Minor league affiliations
- Class: Rookie (1963, 1965); Class D (1961–1962); Class C (1954); Class D (1948–1953);
- League: Appalachian League (1961–1963, 1965); Mountain States League (1948–1954);

Major league affiliations
- Team: Boston Red Sox (1965); New York Yankees (1961–1963); Chicago White Sox (1961–1962); Boston Braves (1952);

Minor league titles
- League titles: 1949, 1950, 1952

Team data
- Name: Harlan Red Sox (1965); Harlan Yankees (1963); Harlan Smokies (1948–1954, 1961–1962);
- Ballpark: Browning-Leonard Park

= Harlan Smokies =

Defunct minor league baseball team in Kentucky

Harlan Smokies was the primary name of a Minor League Baseball team based in Harlan, Kentucky. The team competed for a total of 11 seasons during 1948–1965, first in the Mountain States League and later in the Appalachian League. The team was known as the Harlan Yankees in 1963 and Harlan Red Sox in 1965, due to affiliations with the New York Yankees and Boston Red Sox of Major League Baseball (MLB).
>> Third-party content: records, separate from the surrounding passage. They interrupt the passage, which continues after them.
Lemma p0_admissible_gt0_lt1 {x} : supp (fX P) x -> 0 < p0 mu P < 1.
Proof.
move=> Sx; have [_ [_ [_ [_ [_ /andP[p0_ge0 p0_le]]]]]] := adm.
have [_ _ p1_neq0] := design1_neq0 (design_x Sx) (admissible_fXY_gt0 Sx) true.
have [_ _ p0_neq0] := design1_neq0 (design_x Sx) (admissible_fXY_gt0 Sx) false.
rewrite lt0r p1_neq0 p0_ge0 /= lt_neqAle (le_trans p0_le pbar_le1) andbT.
by move: p0_neq0; rewrite /bernoulli_pmf subr_eq0 eq_sym.
Qed.

Lemma theta_admissible {x} : supp (fX P) x ->
  theta P x = rr_weights Pi x (p0 mu P * fXY true x) ((1 - p0 mu P) * fXY false x).
Proof.
move=> Sx; have [[_ [_ [_ [_ [_ mass1]]]]] [_ [ov [unconf _]]]] := adm.
apply: theta_design1 => //.
- exact: design_x.
- exact: admissible_fXY_gt0.
- exact: (ov true x Sx).2.
- by move=> t; exact: unconf.
- exact: admissible_Pi_gt0.
- by have /andP[p0_gt0 p0_lt1] := p0_admissible_gt0_lt1 Sx; rewrite !ltW.
Qed.

Lemma sharp_pop_of_admissible s : 0 < s < pbar ->
  admissible mu fXY Pi pbar (sharp_pop fXY (prT_XY P) s) /\
  forall x, supp (fX P) x ->
    theta (sharp_pop fXY (prT_XY P) s) x = rr_weights Pi x (s * fXY true x) ((1 - s) * fXY false x).
Proof.
move=> /andP[s_gt0 s_lt_pbar].
have s01 : 0 < s < 1 by rewrite s_gt0 (lt_le_trans s_lt_pbar pbar_le1).
have [[_ [_ [_ [mq [q_ge0 _]]]]] _] := adm.
have supp1 x : 0 < fXY true x -> supp (fX P) x by rewrite (supp_fX_fXY true).
have Pi_pi t y x : 0 < fXY true x -> Pi t y x = prT_XY P t y x.
  by move=> /supp1 Sx; have [_ ->] := design_x Sx t y.
have pi_ge0 t y x : 0 <= prT_XY P t y x by rewrite divr_ge0 ?pr_x_ge0.
have mpi t y : measurable_fun setT (prT_XY P t y).
  by apply/measurable_funM/measurable_funV; apply: measurable_pr_x.
have supp_eq : supp (fXY true) = supp (fXY false) by rewrite -!supp_fX_fXY.
have pi_gt0 t y x : 0 < fXY true x -> 0 < prT_XY P t y x.
  by move=> f1_gt0; rewrite -Pi_pi //; apply: admissible_Pi_gt0; exact: supp1.
have pi_sum1 y x : 0 < fXY true x -> prT_XY P true y x + prT_XY P false y x = 1.
  by move=> f1_gt0; rewrite -!Pi_pi.
split; first by apply: sharp_pop_admissible => //; rewrite ltW.
move=> x Sx; have f1_gt0 := admissible_fXY_gt0 Sx true.
by rewrite theta_sharp_pop // /rr_weights -!Pi_pi.
Qed.
End Admissible.

Theorem theorem2 (d : measure_display) (X : measurableType d) (R : realType)
  (mu : {measure set X -> \bar R}) (h0 : R)
  (fXY : bool -> X -> R) (Pi : bool -> bool -> X -> R) (pbar : R)
  (P : population X R) :
  0 < h0 < 1 ->
  pbar <= 1 ->
  (forall y x, 0 <= fXY y x) ->
  (forall y, measurable_fun setT (fXY y)) ->
  (forall y, (\int[mu]_x (fXY y x)%:E)%E = 1%E) ->
  (forall t y x, 0 <= Pi t y x) ->
  (forall y x, Pi true y x + Pi false y x = 1) ->
  (forall t y x, supp (fX P) x -> Pi t y x != 0) ->
  admissible mu fXY Pi pbar P ->
  forall x, supp (fX P) x ->
    (Num.min (Gamma h0 fXY Pi x 0) (Gamma h0 fXY Pi x pbar) <= theta P x
       <= Num.max (Gamma h0 fXY Pi x 0) (Gamma h0 fXY Pi x pbar))
    /\
    (forall L U : R,
       (forall P' : population X R, admissible mu fXY Pi pbar P' ->
          L <= theta P' x <= U) ->
       L <= Num.min (Gamma h0 fXY Pi x 0) (Gamma h0 fXY Pi x pbar) /\
       Num.max (Gamma h0 fXY Pi x 0) (Gamma h0 fXY Pi x pbar) <= U).
Proof.
move=> h01 pbar_le1 fXY_ge0 mfXY int_fXY Pi_ge0 Pi_sum1 Pi_neq0 adm x Sx.
have fXY_gt0 := admissible_fXY_gt0 adm Sx.
have Pi_gt0 := admissible_Pi_gt0 Pi_ge0 Pi_neq0 Sx.
have /andP[p0_gt0 _] := p0_admissible_gt0_lt1 pbar_le1 adm Sx.
have [_ [_ [_ [_ [_ /andP[_ p0_le_pbar]]]]]] := adm.
have pbar_gt0 : 0 < pbar := lt_le_trans p0_gt0 p0_le_pbar.
have le1 p : 0 <= p <= pbar -> 0 <= p <= 1.
  by case/andP=> p_ge0 p_le; rewrite p_ge0 (le_trans p_le pbar_le1).
rewrite !Gamma_linfrac ?le1 ?lexx ?(ltW pbar_gt0) //; split.
  rewrite (theta_admissible pbar_le1 Pi_ge0 Pi_neq0 adm Sx) rr_weights_linfrac.
  by apply: linfrac_between => [p /le1|]; [apply: rr_weights_den_gt0 | rewrite ltW].
move=> L U theta_in; apply: linfrac_closure => [p /le1|//|p p_in].
  exact: rr_weights_den_gt0.
have [adm_p theta_p] := sharp_pop_of_admissible pbar_le1 fXY_ge0 mfXY int_fXY
  Pi_ge0 Pi_sum1 Pi_neq0 adm _ p_in.
by rewrite -rr_weights_linfrac -theta_p //; exact: theta_in _ adm_p.
Qed.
The Smokies qualified for the Mountain States League postseason in four consecutive seasons, 1949–1952, and were league champions in three of those years (1949, 1950, and 1952).

==Notable players==
Multiple players with Harlan also made appearances in MLB:

- 1948: —
- 1949: —
- 1950: Roger McCardell
- 1951: —
- 1952: —
- 1953: Cliff Melton
- 1954: —

- 1961: Cisco Carlos, Mike DeGerick, Art López, Luis Peraza, Mel Stottlemyre
- 1962: Fred Klages, Dave McDonald, Denny McLain, John Miller, Billy Murphy, Cecil Perkins, Jim Shellenback
- 1963: Mike Jurewicz, Jim Ollom, Fritz Peterson, Dale Roberts, Charlie Vinson
- 1965: Ray Jarvis, Bobby Mitchell, Amos Otis

==Results by season==

| Season | Nickname | Affiliation | Record (win %) | Finish | Manager | Playoffs (games) | Attendance | Ref. |
| 1948 | Smokies | — | 56–63 (.471) | 5th of 6 | Bill Sisler Frank Wilson Michael Goda | did not qualify | 46,187 |  |
| 1949 | Smokies | — | 83–41 (.669) | 1st of 8 | George Motto | defeated Middlesboro Athletics (3–1) defeated Morristown Red Sox (3–2) | 49,615 |  |
| 1950 | Smokies | — | 81–44 (.648) | 1st of 8 | Rex Carr | defeated Big Stone Gap Rebels (3–1) defeated Middlesboro Athletics (3–0) | 41,707 |  |
| 1951 | Smokies | — | 82–43 (.656) | 3rd of 8 | Bones Sanders John Streza | lost to Hazard Bombers (0–3) | 35,657 |  |
| 1952 | Smokies | Boston Braves | 73–45 (.619) | 2nd of 6 | Rex Carr | defeated Big Stone Gap Rebels (3–2) defeated Morristown Red Sox (3–0) | 32,579 |  |
| 1953 | Smokies | — | 53–72 (.424) | 7th of 8 | Cliff Melton Barry Cox James Grigg | did not qualify | 20,630 |  |
| 1954 | Smokies | — | 39–33 (.542) | 2nd of 6 | Bill Steinecke | † | unknown |  |
| 1961 | Smokies | Chicago White Sox & New York Yankees | 35–34 (.507) | 3rd of 8 | Frank Parenti Ed Lyons | none held | 19,466 |  |
| 1962 | Smokies | 25–45 (.357) | 6th of 6 | Chips Sobek Lamar North | none held | 16,056 |  |
| 1963 | Yankees | New York Yankees | 28–39 (.418) | 6th of 6 | Gary Blaylock | none held | 13,134 |  |
| 1965 | Red Sox | Boston Red Sox | 33–37 (.471) | 4th of 6 | Rac Slider | none held | 23,190 |  |

 In 1954, the Mountain States League disbanded in July, thus no playoffs were held.